Task directions ▸ When you reach the line containing "rewrite actXY_vtpowS actYX_vtpowS" in the data below, begin returning lines exactly as written, and stop once the line containing "apply/teqP => x; rewrite !(tcoefD, tcoefZ, tcoefB)." has been returned.

Data ▸
◆ ◆ ◆ ◆ ◆ ◆ ◆
Lemma geom_sumS (R : nzRingType) (r : R) n :
  \sum_(i < n.+1) r ^+ i = 1 + r * \sum_(i < n) r ^+ i.
Proof.
rewrite big_ord_recl expr0 mulr_sumr; congr (_ + _).
by apply: eq_bigr => i _; rewrite exprS.
Qed.

Lemma geom_sumE (R : fieldType) (r : R) n :
  r != 1 -> \sum_(i < n) r ^+ i = (r ^+ n - 1) / (r - 1).
Proof. by move=> r_neq1; rewrite subrX1 mulrAC divff ?mul1r // subr_eq0. Qed.

Lemma exprz_2n (R : unitRingType) (x : R) (n : nat) : x ^ (2 * n%:Z) = (x ^+ 2) ^+ n.
Proof. by rewrite -exprz_exp -!exprnP. Qed.

Lemma exprz_2n_sub1 (R : fieldType) (x : R) (n : nat) :
  x != 0 -> x ^ (2 * n%:Z - 1) = (x ^+ 2) ^+ n / x.
Proof. by move=> x_neq0; rewrite expfzDr // exprz_2n exprN1. Qed.

Local Ltac case_mem := match goal with
  | |- is_true (_ || _) -> _ => case/orP; [move/eqP -> | case_mem]
  | |- is_true (_ == _) -> _ => move/eqP ->
  | |- _ => by []
  end.

Section Casimir.
Variables (F : fieldType) (q hbar c : F).
Hypotheses (q_neq0 : q != 0) (q2_neq1 : 1 - q ^+ 2 != 0) (q2_neqN1 : q ^+ 2 + 1 != 0).
Hypothesis two_neq0 : (2 : F) != 0.
Local Notation G i := (nth (tzero F) (gens q hbar c) i).
Local Notation I := (in_ideal (gens q hbar c)).
Local Notation AE := (Aeq q hbar c).
Local Notation s := (q + q^-1).
Local Notation u := (tlet F lu).
Local Notation v := (tlet F lv).
Local Notation w := (tlet F lw).
Local Notation vt := (vtilde q hbar).
Local Notation a := (aa q hbar).

Local Ltac solve_teq := apply: teq_supp => x;
  rewrite /gens /tsub /tadd /tscale /tmul /tword /tlet /tone /tzero /vtilde;
  rewrite /actX /actY /actEp /actEm /Xlet /Ylet /=;
  rewrite ?inE; case_mem; rewrite !tcoef_cons tcoef0 /=;
  rewrite /epw /emw ?big_cons ?big_nil /ep /em /aa /=;
  by field; rewrite ?q_neq0 ?q2_neq1 ?q2_neqN1.

Lemma actEp_gens : [/\ teq (actEp q (G 0)) (G 0), teq (actEp q (G 1)) (tscale q (G 1)),
  teq (actEp q (G 2)) (G 2) & teq (actEp q (G 3)) (tscale q^-1 (G 3))].
Proof. by split; solve_teq. Qed.

Lemma actEm_gens : [/\ teq (actEm q (G 0)) (G 0), teq (actEm q (G 1)) (tscale q^-1 (G 1)),
  teq (actEm q (G 2)) (G 2) & teq (actEm q (G 3)) (tscale q (G 3))].
Proof. by split; solve_teq. Qed.

Lemma actX_gens : [/\ teq (actX q (G 0)) (tzero F), teq (actX q (G 1)) (tzero F),
  teq (actX q (G 2)) (tscale s (G 1)) & teq (actX q (G 3)) (G 2)].
Proof. by split; solve_teq. Qed.

Lemma actY_gens : [/\ teq (actY q (G 0)) (tzero F), teq (actY q (G 1)) (G 2),
  teq (actY q (G 2)) (tscale s (G 3)) & teq (actY q (G 3)) (tzero F)].
Proof. by split; solve_teq. Qed.

Lemma gens_stable i :
  [/\ I (actX q (G i)), I (actY q (G i)), I (actEp q (G i)) & I (actEm q (G i))].
Proof.
have I0 := in_ideal0 (gens q hbar c).
have IG j : I (G j) := in_ideal_gen _ j.
have IGZ k j : I (tscale k (G j)) := in_idealZ k (IG j).
have [x0 x1 x2 x3] := actX_gens; have [y0 y1 y2 y3] := actY_gens.
have [p0 p1 p2 p3] := actEp_gens; have [m0 m1 m2 m3] := actEm_gens.
case: i => [|[|[|[|i]]]].
- by split; [rewrite x0 | rewrite y0 | rewrite p0 | rewrite m0].
- by split; [rewrite x1 | rewrite y1 | rewrite p1 | rewrite m1].
- by split; [rewrite x2 | rewrite y2 | rewrite p2 | rewrite m2].
- by split; [rewrite x3 | rewrite y3 | rewrite p3 | rewrite m3].
by rewrite nth_default //; split.
Qed.

Lemma vt_u : AE (tmul vt u) (tscale (q ^+ 2) (tmul u vt)).
Proof. by apply: (in_ideal_eq _ (in_idealZ (-1) (in_ideal_gen _ 1))); solve_teq. Qed.

Lemma vt_w : AE (tmul vt w) (tscale (q ^- 2) (tmul w vt)).
Proof. by apply: (in_ideal_eq _ (in_idealZ (- q ^- 2) (in_ideal_gen _ 3))); solve_teq. Qed.

(* u w and w u are obtained by solving the relations G 0 and G 2 for them. *)
Lemma u_w : AE (tmul u w) (tscale ((q ^+ 2 + 1) ^- 2)
  (tsub (tadd (tscale (q ^+ 2 * c) (tone F)) (tscale hbar v)) (tmul v v))).
Proof.
apply: (in_ideal_eq _ (in_idealD (in_idealZ (q ^+ 2 / (q ^+ 2 + 1) ^+ 2) (in_ideal_gen _ 0))
                                 (in_idealZ ((q ^+ 2 + 1) ^- 2) (in_ideal_gen _ 2)))).
by solve_teq.
Qed.

Lemma w_u : AE (tmul w u) (tscale (q ^+ 2 / (q ^+ 2 + 1) ^+ 2)
  (tsub (tsub (tscale c (tone F)) (tscale hbar v)) (tscale (q ^+ 2) (tmul v v)))).
Proof.
apply: (in_ideal_eq _ (in_idealD (in_idealZ (q ^+ 2 / (q ^+ 2 + 1) ^+ 2) (in_ideal_gen _ 0))
                                 (in_idealZ (- q ^+ 2 / (q ^+ 2 + 1) ^+ 2) (in_ideal_gen _ 2)))).
by solve_teq.
Qed.

Lemma actX_vtilde : teq (actX q vt) (tscale (- s) u). Proof. by solve_teq. Qed.
Lemma actY_vtilde : teq (actY q vt) (tscale s w). Proof. by solve_teq. Qed.
Lemma actEp_vtilde : teq (actEp q vt) vt. Proof. by solve_teq. Qed.
Lemma actEm_vtilde : teq (actEm q vt) vt. Proof. by solve_teq. Qed.
Lemma actX_one : teq (actX q (tone F)) (tzero F). Proof. by solve_teq. Qed.
Lemma actY_one : teq (actY q (tone F)) (tzero F). Proof. by solve_teq. Qed.
Lemma actEp_one : teq (actEp q (tone F)) (tone F). Proof. by solve_teq. Qed.
Lemma actEm_one : teq (actEm q (tone F)) (tone F). Proof. by solve_teq. Qed.
Lemma actX_w : teq (actX q w) v. Proof. by solve_teq. Qed.
Lemma actY_u : teq (actY q u) (tscale (-1) v). Proof. by solve_teq. Qed.
Lemma actEm_w : teq (actEm q w) (tscale q w). Proof. by solve_teq. Qed.
Lemma actEm_u : teq (actEm q u) (tscale q^-1 u). Proof. by solve_teq. Qed.
Lemma v_vtilde : teq v (tadd vt (tscale a (tone F))). Proof. by solve_teq. Qed.

Lemma in_ideal_actX t : I t -> I (actX q t).
Proof.
apply: in_ideal_twisted (actX_linear q) (@actX_mul _ q) _ t => i.
by have [] := gens_stable i.
Qed.

Lemma in_ideal_actY t : I t -> I (actY q t).
Proof.
apply: in_ideal_twisted (actY_linear q) (@actY_mul _ q) _ t => i.
by have [] := gens_stable i.
Qed.

Global Instance actX_Aeq : Proper (AE ==> AE) (actX q).
Proof.
move=> A A' /in_ideal_actX; rewrite AeqE; apply: in_ideal_eq.
by have [_ XD XZ] := actX_linear q; rewrite /tsub XD XZ; reflexivity.
Qed.

Global Instance actY_Aeq : Proper (AE ==> AE) (actY q).
Proof.
move=> A A' /in_ideal_actY; rewrite AeqE; apply: in_ideal_eq.
by have [_ YD YZ] := actY_linear q; rewrite /tsub YD YZ; reflexivity.
Qed.

Local Notation V n := (tpow vt n).

Lemma actEp_vtpow n : teq (actEp q (V n)) (V n).
Proof.
elim: n => [|n IH]; first exact: actEp_one.
by rewrite tpowS actEp_mul IH actEp_vtilde; reflexivity.
Qed.

Lemma actEm_vtpow n : teq (actEm q (V n)) (V n).
Proof.
elim: n => [|n IH]; first exact: actEm_one.
by rewrite tpowS actEm_mul IH actEm_vtilde; reflexivity.
Qed.

Lemma actX_vtpowS n :
  AE (actX q (V n.+1)) (tscale (- s * \sum_(i < n.+1) (q ^+ 2) ^+ i) (tmul u (V n))).
Proof.
elim: n => [|n IH].
  rewrite tpowS actX_mul actX_one tmul0r actX_vtilde actEp_one tmulZl.
  by rewrite big_ord1 expr0 mulr1; reflexivity.
rewrite tpowS actX_mul actEm_vtilde actEp_vtpow actX_vtilde IH tmulZr tmulZl.
rewrite -(tmulA vt u) vt_u tmulZl (tmulA u vt) -tpowS tscaleA -tscaleDl.
by apply/teq_Aeq/tscale_teq; [rewrite (geom_sumS _ n.+1); ring | reflexivity].
Qed.

Lemma actY_vtpowS n :
  AE (actY q (V n.+1)) (tscale (s * \sum_(i < n.+1) (q ^- 2) ^+ i) (tmul w (V n))).
Proof.
elim: n => [|n IH].
  rewrite tpowS actY_mul actY_one tmul0r actY_vtilde actEp_one tmulZl.
  by rewrite big_ord1 expr0 mulr1; reflexivity.
rewrite tpowS actY_mul actEm_vtilde actEp_vtpow actY_vtilde IH tmulZr tmulZl.
rewrite -(tmulA vt w) vt_w tmulZl (tmulA w vt) -tpowS tscaleA -tscaleDl.
by apply/teq_Aeq/tscale_teq; [rewrite (geom_sumS _ n.+1); ring | reflexivity].
Qed.

Lemma actXY_vtpowS n : AE (actX q (actY q (V n.+1)))
  (tscale (s * \sum_(i < n.+1) (q ^- 2) ^+ i)
          (tadd (tscale q (tmul w (actX q (V n)))) (tmul v (V n)))).
Proof.
have [_ _ XZ] := actX_linear q.
by rewrite actY_vtpowS XZ actX_mul actEm_w actX_w actEp_vtpow tmulZl; reflexivity.
Qed.

Lemma actYX_vtpowS n : AE (actY q (actX q (V n.+1)))
  (tscale (- s * \sum_(i < n.+1) (q ^+ 2) ^+ i)
          (tadd (tscale q^-1 (tmul u (actY q (V n)))) (tscale (-1) (tmul v (V n))))).
Proof.
have [_ _ YZ] := actY_linear q.
by rewrite actX_vtpowS YZ actY_mul actEm_u actY_u actEp_vtpow !tmulZl; reflexivity.
Qed.

Lemma actK_weight0 t : teq (actEp q t) t -> teq (actEm q t) t ->
  teq (actK q t) (tscale (q / 2) (tadd (actX q (actY q t)) (actY q (actX q t)))).
Proof.
move=> Ep_t Em_t; rewrite /actK !Ep_t !Em_t.
by apply/teqP => x; rewrite !(tcoefD, tcoefZ); ring.
Qed.

Lemma v_vtpow n : teq (tmul v (V n)) (tadd (V n.+1) (tscale a (V n))).
Proof. by rewrite v_vtilde tmulDl tmulZl tmul1l -tpowS; reflexivity. Qed.

Lemma vv_vtpow n : teq (tmul (tmul v v) (V n))
  (tadd (V n.+2) (tadd (tscale (2 * a) (V n.+1)) (tscale (a ^+ 2) (V n)))).
Proof.
rewrite tmulA v_vtpow tmulDr tmulZr !v_vtpow.
by apply/teqP => x; rewrite !(tcoefD, tcoefZ); ring.
Qed.

Lemma u_w_vtpow n : AE (tmul u (tmul w (V n))) (tscale ((q ^+ 2 + 1) ^- 2)
  (tadd (tscale (q ^+ 2 * c + hbar * a - a ^+ 2) (V n))
        (tadd (tscale (hbar - 2 * a) (V n.+1)) (tscale (-1) (V n.+2))))).
Proof.
rewrite -tmulA u_w; apply: teq_Aeq.
rewrite tmulZl /tsub !tmulDl !tmulZl tmul1l v_vtpow vv_vtpow.
by apply/teqP => x; rewrite !(tcoefD, tcoefZ); ring.
Qed.

Lemma w_u_vtpow n : AE (tmul w (tmul u (V n))) (tscale (q ^+ 2 / (q ^+ 2 + 1) ^+ 2)
  (tadd (tscale (c - hbar * a - q ^+ 2 * a ^+ 2) (V n))
        (tadd (tscale (- hbar - 2 * q ^+ 2 * a) (V n.+1)) (tscale (- q ^+ 2) (V n.+2))))).
Proof.
rewrite -tmulA w_u; apply: teq_Aeq.
rewrite tmulZl /tsub !tmulDl !tmulZl tmul1l v_vtpow vv_vtpow.
by apply/teqP => x; rewrite !(tcoefD, tcoefZ); ring.
Qed.

Lemma actK_vtpow0 : AE (actK q (vtpow q hbar 0)) (rhs q hbar c 0).
Proof.
rewrite /rhs (_ : beta q 0 = 0); last by rewrite /beta mulr0 expr0 subrr mul0r.
rewrite mulr0 tscale0 (actK_weight0 (actEp_vtpow 0) (actEm_vtpow 0)).
rewrite actY_one actX_one (tlinear0 (actX_linear q)) (tlinear0 (actY_linear q)).
by apply/teq_Aeq/teqP => x; rewrite tcoefZ tcoefD !tcoef0 addr0 mulr0.
Qed.

Lemma actK_vtpow1 : AE (actK q (vtpow q hbar 1)) (rhs q hbar c 1).
Proof.
rewrite /rhs (_ : 1%:Z - 1 = 0%:Z) // (_ : 1%:Z - 2 = Negz 0) //.
rewrite (actK_weight0 (actEp_vtpow 1) (actEm_vtpow 1)) actXY_vtpowS actYX_vtpowS.
rewrite actX_one actY_one !tmul0r v_vtpow; apply: teq_Aeq.
change (vtpow q hbar (Posz 1)) with (V 1); change (vtpow q hbar (Posz 0)) with (V 0).
move: (V 0) (V 1) => X0 X1.
apply/teqP => x; rewrite !(tcoefD, tcoefZ, tcoefB) !tcoef0.
rewrite /beta exprz_2n_sub1 // !exprz_2n muln1 !big_ord1 !expr0 /ctilde /aa.
have q2_1 : q ^+ 2 - 1 != 0 by rewrite -opprB oppr_eq0.
by field; rewrite q_neq0 q2_neq1 two_neq0 q2_1.
Qed.

Lemma actK_vtpowSS m : AE (actK q (vtpow q hbar m.+2)) (rhs q hbar c m.+2).
Proof.
rewrite /rhs.
have -> : (m.+2)%:Z - 1 = (m.+1)%:Z by rewrite -addn1 PoszD addrK.
have -> : (m.+2)%:Z - 2 = m%:Z by rewrite -addn2 PoszD addrK.
rewrite (actK_weight0 (actEp_vtpow _) (actEm_vtpow _)).
rewrite actXY_vtpowS actYX_vtpowS actX_vtpowS actY_vtpowS !tmulZr.
rewrite w_u_vtpow u_w_vtpow v_vtpow; apply: teq_Aeq.
change (vtpow q hbar m.+2) with (V m.+2); change (vtpow q hbar m.+1) with (V m.+1).
change (vtpow q hbar m) with (V m).
move: (V m) (V m.+1) (V m.+2) => X0 X1 X2.
apply/teqP => x; rewrite !(tcoefD, tcoefZ, tcoefB).
have q2_1 : q ^+ 2 != 1 by rewrite eq_sym -subr_eq0.
have qV2_1 : q ^- 2 != 1 by rewrite invr_eq1.
rewrite /beta exprz_2n_sub1 // -PoszD addn1 !exprz_2n exprM !geom_sumE // !exprVn.
rewrite !(exprS (q ^+ 2)) /ctilde /aa.
have : (q ^+ 2) ^+ m != 0 by rewrite !expf_neq0.
move: ((q ^+ 2) ^+ m) => Q Q_neq0.
by field; rewrite Q_neq0 q_neq0 q2_neq1 q2_neqN1 two_neq0 subr_eq0 q2_1.
Qed.

Lemma actK_vtpow (k : nat) : AE (actK q (vtpow q hbar k)) (rhs q hbar c k).
Proof.
by case: k => [|[|m]]; [exact: actK_vtpow0 | exact: actK_vtpow1 | exact: actK_vtpowSS].
Qed.

End Casimir.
◆ ◆ ◆ ◆ ◆ ◆ ◆
Exercise response ▸
rewrite actXY_vtpowS actYX_vtpowS actX_vtpowS actY_vtpowS !tmulZr.
rewrite w_u_vtpow u_w_vtpow v_vtpow; apply: teq_Aeq.
change (vtpow q hbar m.+2) with (V m.+2); change (vtpow q hbar m.+1) with (V m.+1).
change (vtpow q hbar m) with (V m).
move: (V m) (V m.+1) (V m.+2) => X0 X1 X2.
apply/teqP => x; rewrite !(tcoefD, tcoefZ, tcoefB).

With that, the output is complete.